Varant Zanoyan [00:11:19]: So. So we did this, we did this exercise within Airbnb, right? Because we don't want to just be open sourcing anything for any reason. We were like, okay, what, you know, what is this doing in the market? What graph is this solving? And really what it came down to is kind of what we started off with, which is the compute stuff, right? The compute, the hardest part of actual data engineering challenge for AI and ML. Feast is an example of something that adds a lot of value kind of downstream of that, but it doesn't solve that main problem and never tried to. Feather is really Interesting.
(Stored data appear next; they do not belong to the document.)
(* Let $n\ge 1$, $\mathbb{K}$ a field, $S=\mathbb{K}[x_1,\dots,x_n]$, and \[M_n^{(1)}=\langle x_i^{\,n} : 1\le i\le n\rangle+\langle x_i^{\,n-1}x_j^{\,n-1} : 1\le i<j\le n\rangle\subset S .\] Let $\tilde{\mathcal Q}_{K_{n+1}}$ be the reduced signless Laplacian of the complete graph $K_{n+1}$, i.e. the $n\times n$ matrix with every diagonal entry equal to $n$ and every off-diagonal entry equal to $1$. Then \[\dim_{\mathbb{K}} S/M_n^{(1)}=\det \tilde{\mathcal Q}_{K_{n+1}} .\]
   Context: For a simple graph $G$ on vertex set $\{0,1,\dots,n\}$, the signless Laplacian $\mathcal Q_G$ is the $(n+1)\times(n+1)$ matrix with $(\mathcal Q_G)_{ii}=\deg(i)$ and, for $i\ne j$, $(\mathcal Q_G)_{ij}$ equal to the number of edges between $i$ and $j$; the reduced signless Laplacian $\tilde{\mathcal Q}_G$ is obtained by deleting the row and column of vertex $0$. The ideal $M_n^{(1)}$ is the $1$-skeleton ideal of $K_{n+1}$ (generated by $m_\sigma=\prod_{i\in\sigma}x_i^{\#\{j\notin\sigma:\ j\sim i\}}$ for $\sigma\subseteq\{1,\dots,n\}$, $1\le|\sigma|\le2$). *)

From HB Require Import structures.
From mathcomp Require Import all_boot all_order all_algebra.
From mathcomp Require Import mpoly.
Set Implicit Arguments. Unset Strict Implicit. Unset Printing Implicit Defensive.
Import GRing.Theory.
Local Open Scope ring_scope.

Definition in_ideal (K : fieldType) (n : nat) (gens : seq {mpoly K[n]})
  (p : {mpoly K[n]}) : Prop :=
  exists c : 'I_(size gens) -> {mpoly K[n]},
    p = \sum_(i < size gens) c i * gens`_i.

(* dim_K (S / <gens>) = d : there are d polynomials whose classes form a
   K-basis of the quotient S/<gens> (spanning + linearly independent mod I). *)
Definition quot_dim (K : fieldType) (n : nat) (gens : seq {mpoly K[n]})
  (d : nat) : Prop :=
  exists b : 'I_d -> {mpoly K[n]},
    (forall p : {mpoly K[n]}, exists a : 'I_d -> K,
        in_ideal gens (p - \sum_(i < d) a i *: b i)) /\
    (forall a : 'I_d -> K, in_ideal gens (\sum_(i < d) a i *: b i) ->
        forall i, a i = 0).

Definition M1_gens (K : fieldType) (n : nat) : seq {mpoly K[n]} :=
  [seq 'X_i ^+ n | i : 'I_n <- enum 'I_n] ++
  [seq 'X_i ^+ (n - 1) * 'X_j ^+ (n - 1) |
     i : 'I_n <- enum 'I_n, j : 'I_n <- [seq j : 'I_n <- enum 'I_n | (nat_of_ord i < nat_of_ord j)%N]].

(* Signless Laplacian of the complete graph K_{n+1} on {0,..,n}:
   diagonal = degree = n, off-diagonal = number of edges = 1. *)
Definition signless_laplacian_K (n : nat) : 'M[int]_(n.+1) :=
  \matrix_(i, j) (if i == j then n%:Z else 1).

(* Reduced: delete the row and column of vertex 0. *)
Definition reduced_signless_laplacian_K (n : nat) : 'M[int]_n :=
  \matrix_(i, j) signless_laplacian_K n (lift ord0 i) (lift ord0 j).

From HB Require Import structures.
From mathcomp Require Import all_boot all_order all_algebra.
From mathcomp Require Import mpoly.
From mathcomp Require Import zify.
Set Implicit Arguments. Unset Strict Implicit. Unset Printing Implicit Defensive.
Import GRing.Theory.
Local Open Scope ring_scope.

(* M_n^(1) is a monomial ideal, so the monomials divisible by none of its
   generators (the standard monomials) give a K-basis of S/M_n^(1). A monomial
   x^m is standard iff every m_i <= n - 1 and at most one m_i equals n - 1;
   there are (n-1)^n + n (n-1)^(n-1) = (2n-1) (n-1)^(n-1) of them. The reduced
   signless Laplacian is (n-1) I + J. For an n x n matrix a I + b J, let N be
   the first row of J with its diagonal entry removed; then N^2 = 0, and
   conjugating by 1 + N makes the matrix triangular with diagonal
   a + n b, a, ..., a. *)

Section Ideal.
Variables (K : fieldType) (n : nat) (gens : seq {mpoly K[n]}).

Lemma in_ideal0 : in_ideal gens 0.
Proof. by exists (fun=> 0); rewrite big1 // => i _; rewrite mul0r. Qed.

Lemma in_idealD p q : in_ideal gens p -> in_ideal gens q -> in_ideal gens (p + q).
Proof.
move=> [c ->] [d ->]; exists (fun i => c i + d i).
by rewrite -big_split; apply: eq_bigr => i _; rewrite mulrDl.
Qed.

Lemma in_idealMl q p : in_ideal gens p -> in_ideal gens (q * p).
Proof.
move=> [c ->]; exists (fun i => q * c i).
by rewrite mulr_sumr; apply: eq_bigr => i _; rewrite mulrA.
Qed.

Lemma in_ideal_gen p : p \in gens -> in_ideal gens p.
Proof.
move=> gens_p; have ltp : (index p gens < size gens)%N by rewrite index_mem.
exists (fun i => (i == Ordinal ltp)%:R).
rewrite (bigD1 (Ordinal ltp)) //= eqxx mul1r nth_index // big1 ?addr0 // => i /negbTE->.
by rewrite mul0r.
Qed.

Lemma in_ideal_sum (I : eqType) (r : seq I) (F : I -> {mpoly K[n]}) :
  (forall i, i \in r -> in_ideal gens (F i)) -> in_ideal gens (\sum_(i <- r) F i).
Proof.
elim: r => [|x r IHr] idealF; first by rewrite big_nil; exact: in_ideal0.
rewrite big_cons; apply: in_idealD; first by apply: idealF; rewrite mem_head.
by apply: IHr => i ri; apply: idealF; rewrite in_cons ri orbT.
Qed.

End Ideal.

Section MonomialIdeal.
Variables (K : fieldType) (n : nat).

Lemma mcoeffMX_eq0 (p : {mpoly K[n]}) g m : ~~ (g <= m)%MM -> (p * 'X_[g])@_m = 0.
Proof.
apply: contraNeq; rewrite -mcoeff_msupp (perm_mem (msuppMX p g)) => /mapP[m' _ ->].
by rewrite lem_addr.
Qed.

Variables (T : finType) (e : T -> 'X_{1..n}).
Hypothesis e_inj : injective e.

Lemma mcoeff_sum_basis (a : 'I_#|T| -> K) t :
  (\sum_(i < #|T|) a i *: 'X_[e (enum_val i)])@_(e t) = a (enum_rank t).
Proof.
rewrite raddf_sum (bigD1 (enum_rank t)) //= mcoeffZ mcoeffX enum_rankK eqxx mulr1.
rewrite big1 ?addr0 // => i ne_it; rewrite mcoeffZ mcoeffX (inj_eq e_inj).
by rewrite (can2_eq enum_valK enum_rankK) (negbTE ne_it) mulr0.
Qed.

Variable G : seq 'X_{1..n}.
Hypothesis codom_e : forall m, (m \in codom e) = ~~ has (fun g => g <= m)%MM G.

Lemma quot_dim_monomial : quot_dim [seq 'X_[g] : {mpoly K[n]} | g <- G] #|T|.
Proof.
exists (fun i => 'X_[e (enum_val i)]); split.
  move=> p; exists (fun i => p@_(e (enum_val i))); set q := p - _.
  have q_std0 t : q@_(e t) = 0 by rewrite mcoeffB mcoeff_sum_basis enum_rankK subrr.
  rewrite (mpolyE q); apply: in_ideal_sum => m; rewrite mcoeff_msupp => qm_neq0.
  have : m \notin codom e by apply/codomP => -[t mE]; rewrite mE q_std0 eqxx in qm_neq0.
  rewrite codom_e negbK => /hasP[g Gg g_le_m].
  rewrite -(submK g_le_m) mpolyXD mpoly_scaleAl.
  by apply/in_idealMl/in_ideal_gen/map_f.
move=> a [c sum_eq] j.
have := congr1 (mcoeff (e (enum_val j))) sum_eq.
rewrite mcoeff_sum_basis enum_valK raddf_sum => ->.
rewrite big1 // => k _; have /mapP[g Gg ->] := mem_nth 0 (ltn_ord k).
apply: mcoeffMX_eq0; have := codom_f e (enum_val j).
by rewrite codom_e => /hasPn; apply.
Qed.

End MonomialIdeal.

Section M1Exponents.
Variable n : nat.
Implicit Types (i j : 'I_n) (m : 'X_{1..n}).

Definition M1_exps : seq 'X_{1..n} :=
  [seq (U_(i) *+ n)%MM | i : 'I_n <- enum 'I_n] ++
  [seq (U_(i) *+ (n - 1) + U_(j) *+ (n - 1))%MM |
     i : 'I_n <- enum 'I_n, j : 'I_n <- [seq j : 'I_n <- enum 'I_n | (i < j)%N]].

Lemma M1_gensE (K : fieldType) : M1_gens K n = [seq 'X_[g] | g <- M1_exps].
Proof.
rewrite map_cat map_allpairs -map_comp; congr (_ ++ _).
  by apply: eq_map => i /=; rewrite mpolyXn.
by apply: eq_allpairs => i j /=; rewrite mpolyXD !mpolyXn.
Qed.

Lemma lem_U_mulmn i k m : (U_(i) *+ k <= m)%MM = (k <= m i)%N.
Proof.
apply/mnm_lepP/idP => [/(_ i)|k_le l]; rewrite mulmnE mnm1E ?eqxx ?mul1n //.
by case: eqP => [<-|_]; rewrite ?mul1n ?mul0n.
Qed.

Lemma lem_U2_mulmn i j k m : i != j ->
  (U_(i) *+ k + U_(j) *+ k <= m)%MM = (k <= m i)%N && (k <= m j)%N.
Proof.
move=> neq_ij; apply/mnm_lepP/andP => [le_m|[le_i le_j] l].
  have := le_m i; have := le_m j; rewrite !mnmDE !mulmnE !mnm1E !eqxx.
  by rewrite (negbTE neq_ij) eq_sym (negbTE neq_ij) /=; lia.
rewrite mnmDE !mulmnE !mnm1E.
case: eqP => [<-|_]; case: eqP => [ji|_]; subst; rewrite ?mul1n ?mul0n ?add0n ?addn0 //.
by rewrite eqxx in neq_ij.
Qed.

Lemma has_M1_expsP m :
  reflect ((exists i, n <= m i) \/ exists i j, [/\ i < j, n - 1 <= m i & n - 1 <= m j])%N
          (has (fun g => g <= m)%MM M1_exps).
Proof.
have neq_lt i j : (i < j)%N -> i != j by rewrite -val_eqE => /ltn_eqF->.
rewrite has_cat; apply: (iffP orP) => -[].
- by move=> /hasP[_ /mapP[i _ ->]]; rewrite lem_U_mulmn; left; exists i.
- move=> /hasP[_ /allpairsPdep[i [j [_ + ->]]]]; rewrite mem_filter => /andP[ij _].
  by rewrite lem_U2_mulmn ?neq_lt // => /andP[]; right; exists i, j.
- move=> [i le_i]; left; apply/hasP; exists (U_(i) *+ n)%MM; last by rewrite lem_U_mulmn.
  by apply: map_f; rewrite mem_enum.
- move=> [i [j [ij le_i le_j]]]; right; apply/hasP.
  exists (U_(i) *+ (n - 1) + U_(j) *+ (n - 1))%MM; last by rewrite lem_U2_mulmn ?neq_lt ?le_i.
  by apply/allpairsPdep; exists i, j; rewrite mem_enum mem_filter ij mem_enum.
Qed.

(* A standard exponent either has all entries below n - 1 (inl), or exactly one
   entry k equal to n - 1, the others being listed through lift k (inr). *)
Definition M1_basis_index : finType :=
  ({ffun 'I_n -> 'I_(n - 1)} + 'I_n * {ffun 'I_n.-1 -> 'I_(n - 1)})%type.

Definition M1_basis_exp (t : M1_basis_index) : 'X_{1..n} :=
  match t with
  | inl f => [multinom (f i : nat) | i < n]
  | inr (k, f) => [multinom if unlift k i is Some j then (f j : nat) else (n - 1)%N | i < n]
  end.

Lemma M1_basis_exp_le t i : (M1_basis_exp t i <= n - 1)%N.
Proof.
case: t => [f|[k f]]; rewrite /= mnmE; first exact: ltnW.
by case: unlift => // j; apply: ltnW.
Qed.

Lemma M1_basis_exp_topE t k :
  (n - 1 <= M1_basis_exp t k)%N = if t is inr (k', _) then k' == k else false.
Proof.
case: t => [f|[k' f]]; rewrite /= mnmE; first by rewrite leqNgt ltn_ord.
case: (unliftP k' k) => [j eq_k|eq_k]; last by rewrite leqnn eq_k eqxx.
by rewrite leqNgt ltn_ord eq_k eq_liftF.
Qed.

Lemma M1_basis_exp_inj : injective M1_basis_exp.
Proof.
case=> [f|[k f]] [f'|[k' f']] eq_e.
- congr inl; apply/ffunP => i; apply/val_inj.
  by move/mnmP/(_ i): eq_e; rewrite /= !mnmE.
- by have := M1_basis_exp_topE (inl f) k'; rewrite eq_e M1_basis_exp_topE eqxx.
- by have := M1_basis_exp_topE (inl f') k; rewrite -eq_e M1_basis_exp_topE eqxx.
- have eq_kk' : k = k'.
    by apply/eqP; rewrite -(M1_basis_exp_topE (inr (k, f))) eq_e M1_basis_exp_topE.
  subst k'; congr (inr (_, _)); apply/ffunP => j; apply/val_inj.
  by move/mnmP/(_ (lift k j)): eq_e; rewrite /= !mnmE liftK.
Qed.

Lemma codom_M1_basis_exp m :
  (m \in codom M1_basis_exp) = ~~ has (fun g => g <= m)%MM M1_exps.
Proof.
apply/codomP/(negPP (has_M1_expsP m)) => [[t ->] [[i]|[i [j [ij le_i le_j]]]] | not_div].
- by have := M1_basis_exp_le t i; have := ltn_ord i; lia.
- case: t le_i le_j => [f|[k f]]; rewrite !M1_basis_exp_topE // => /eqP eq_ki /eqP eq_kj.
  by rewrite -eq_ki -eq_kj ltnn in ij.
have le_top i : (m i <= n - 1)%N.
  by rewrite leqNgt; apply/negP => lt_i; apply: not_div; left; exists i; lia.
have one_top i j : i != j -> (n - 1 <= m i -> m j < n - 1)%N.
  move=> neq_ij le_i; rewrite ltnNge; apply/negP => le_j; apply: not_div; right.
  case: (ltngtP i j) => [ij|ji|/val_inj eq_ij]; first by exists i, j.
    by exists j, i.
  by rewrite eq_ij eqxx in neq_ij.
case: (pickP (fun k => n - 1 <= m k)%N) => [k /= le_k | /= no_top].
  have lt_top (j : 'I_n.-1) : (m (lift k j) < n - 1)%N by apply: one_top le_k; rewrite neq_lift.
  exists (inr (k, [ffun j => Ordinal (lt_top j)])); apply/mnmP => i; rewrite /= mnmE.
  case: (unliftP k i) => [j ->|eq_ki]; first by rewrite ffunE.
  by apply/eqP; rewrite eq_ki eqn_leq le_k le_top.
have lt_top i : (m i < n - 1)%N by rewrite ltnNge no_top.
by exists (inl [ffun i => Ordinal (lt_top i)]); apply/mnmP => i; rewrite /= mnmE ffunE.
Qed.

Lemma card_M1_basis_index :
  #|{: M1_basis_index}| = ((n - 1) ^ n + n * (n - 1) ^ n.-1)%N.
Proof. by rewrite card_sum card_prod !card_ffun !card_ord. Qed.

Lemma quot_dim_M1_gens (K : fieldType) : quot_dim (M1_gens K n) #|{: M1_basis_index}|.
Proof.
by rewrite M1_gensE; apply: (quot_dim_monomial K M1_basis_exp_inj codom_M1_basis_exp).
Qed.

End M1Exponents.

Section DetScalarAddConst.
Variables (R : comRingType) (m : nat).
Implicit Types X : 'M[R]_m.+1.

Definition first_row_mx : 'M[R]_m.+1 := \matrix_(i, j) ((i == ord0) && (j != ord0))%:R.
Local Notation N := first_row_mx.

Lemma mulmx_first_rowE X i j : (X *m N) i j = (j != ord0)%:R * X i ord0.
Proof.
rewrite !mxE big_ord_recl mxE eqxx /= big1 ?addr0 1?mulrC // => k _.
by rewrite mxE lift_eqF mulr0.
Qed.

Lemma mul_first_row_mxE X i j :
  (N *m X) i j = (i == ord0)%:R * \sum_(k < m) X (lift ord0 k) j.
Proof.
rewrite !mxE big_ord_recl mxE eqxx andbF mul0r add0r mulr_sumr.
by apply: eq_bigr => k _; rewrite mxE lift_eqF andbT.
Qed.

Lemma mulmx_1B_first_rowE X i j :
  (X *m (1%:M - N)) i j = X i j - (j != ord0)%:R * X i ord0.
Proof. by rewrite mulmxBr mulmx1 2!mxE mulmx_first_rowE. Qed.

Lemma mul_1D_first_row_mxE X i j :
  ((1%:M + N) *m X) i j = X i j + (i == ord0)%:R * \sum_(k < m) X (lift ord0 k) j.
Proof. by rewrite mulmxDl mul1mx mxE mul_first_row_mxE. Qed.

Lemma first_row_mx_sqr : N *m N = 0.
Proof. by apply/matrixP => i j; rewrite mulmx_first_rowE !mxE eqxx andbF mulr0. Qed.

Lemma det_conj_first_row X : \det ((1%:M + N) *m X *m (1%:M - N)) = \det X.
Proof.
rewrite !det_mulmx mulrAC -det_mulmx mulmxBr mulmx1 mulmxDl mul1mx first_row_mx_sqr.
by rewrite addr0 addrK det1 mul1r.
Qed.

Variables a b : R.
Local Notation A := (a%:M + const_mx b : 'M[R]_m.+1).

Lemma det_scalar_add_const : \det A = a ^+ m * (a + b *+ m.+1).
Proof.
have AE i j : A i j = a *+ (i == j) + b by rewrite !mxE.
have AN_lift i r :
    (A *m (1%:M - N)) i (lift ord0 r) = a *+ (i == lift ord0 r) - a *+ (i == ord0).
  by rewrite mulmx_1B_first_rowE lift_eqF mul1r !AE opprD addrACA subrr addr0.
rewrite -det_conj_first_row -mulmxA; set B := _ *m _.
have B_lift i r : B i (lift ord0 r) = a *+ (i == lift ord0 r).
  rewrite mul_1D_first_row_mxE AN_lift.
  under eq_bigr => k _ do rewrite AN_lift (inj_eq lift_inj) lift_eqF subr0.
  rewrite (bigD1 r) //= eqxx big1 ?addr0 => [|k /negbTE->//].
  by rewrite mulr_natl subrK.
have B00 : B ord0 ord0 = a + b *+ m.+1.
  rewrite mul_1D_first_row_mxE !mulmx_1B_first_rowE eqxx /= mul0r !subr0 mul1r AE eqxx.
  under eq_bigr => k _ do rewrite mulmx_1B_first_rowE eqxx mul0r subr0 AE lift_eqF add0r.
  by rewrite sumr_const card_ord -addrA -mulrS.
rewrite det_trig; last first.
  apply/is_trig_mxP => i j lt_ij; case: (unliftP ord0 j) => [r eq_j|eq_j].
    by rewrite eq_j B_lift -eq_j; case: eqP lt_ij => // ->; rewrite ltnn.
  by rewrite eq_j in lt_ij.
rewrite big_ord_recl B00 mulrC; congr (_ * _).
by under eq_bigr => r _ do rewrite B_lift eqxx mulr1n; rewrite prodr_const card_ord.
Qed.

End DetScalarAddConst.

Theorem corollary3p4 (K : fieldType) (n : nat) (hn : (1 <= n)%N) :
  exists d : nat, quot_dim (M1_gens K n) d /\
    d%:Z = \det (reduced_signless_laplacian_K n).
Proof.
exists #|{: M1_basis_index n}|; split; first exact: quot_dim_M1_gens.
case: n hn => // m _.
have -> : reduced_signless_laplacian_K m.+1 = m%:Z%:M + const_mx 1.
  apply/matrixP => i j; rewrite !mxE (inj_eq lift_inj).
  by case: (i == j); rewrite ?mulr1n ?mulr0n ?add0r //; lia.
have natzX k l : (k ^ l)%N%:Z = k%:Z ^+ l by rewrite -natz natrX natz.
rewrite det_scalar_add_const card_M1_basis_index subn1 /= natz -natzX -PoszD -PoszM.
by congr Posz; rewrite expnS; lia.
Qed.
If you look at the documentation for it, it talks about all those problems, but then if you go and look at the implementation, there's a lot of to dos that never really got done, like streaming, aggregation, windowed aggregation. A lot of the compute stuff is where we were like, oh man, once you look a level deeper, it's like you kind of see that it never quite got there. And so we were like, okay, we are the only ones that have cracked this nut.

Varant Zanoyan [00:12:10]: And so we need to be out there. And this is a very valuable sort of contribution to the community.

Demetrios Brinkmann [00:12:14]: Yeah, I guess Feather, they released it and they wanted to see if there would be any uptick and people using it and how that would. And when they. I just don't think they got what they were looking for.

Varant Zanoyan [00:12:26]: Yeah, I think they had the right vision. I mean, you read that documentation and I think they hit the nail on the head on a lot of stuff. But I think when they got out there, there just wasn't enough of it there working really well. I mean, it took us a long time.

Nikhil Simha Raprolu [00:12:37]: It took us a long time.

Varant Zanoyan [00:12:37]: Really well, it's hard. I mean, I see why it never got. It was a grind for many, many years. And then I think the opportunity to work with Stripe before getting out there into the open source gave us a chance to really battle test it at a whole other company at scale and iron out all these things. And so by the time we went open source, the dream was real as opposed to. I think Feather had the vision, but I think by the time it got out there, from what we saw, the implementation was incredible. Quite there. But yeah, I mean, I don't mean to talk bad about any of these tools.

Varant Zanoyan [00:13:05]: Like, they're very impressive.

Demetrios Brinkmann [00:13:06]: No, I don't think you're talking bad. If anybody's talking about it, it's me calling a bastard. Jon Snow over there.

Varant Zanoyan [00:13:14]: Yeah, I mean they're, they're all like, they're all very interesting technologies, I think, I think we were unique in that. Like, we took our, like, we took the time to like, really make sure we nailed the hardest part of the problem. And I think that's what was unique about our open source.

Demetrios Brinkmann [00:13:28]: And so why was it so hard to get that working?

Nikhil Simha Raprolu [00:13:33]: There is a series of problems. Right. I think, like. But I'll maybe talk about the two main ones, I suppose. One is generating training data that is point in time. Correct. Right. So people already have a series of like, observations and labels associated with those observations.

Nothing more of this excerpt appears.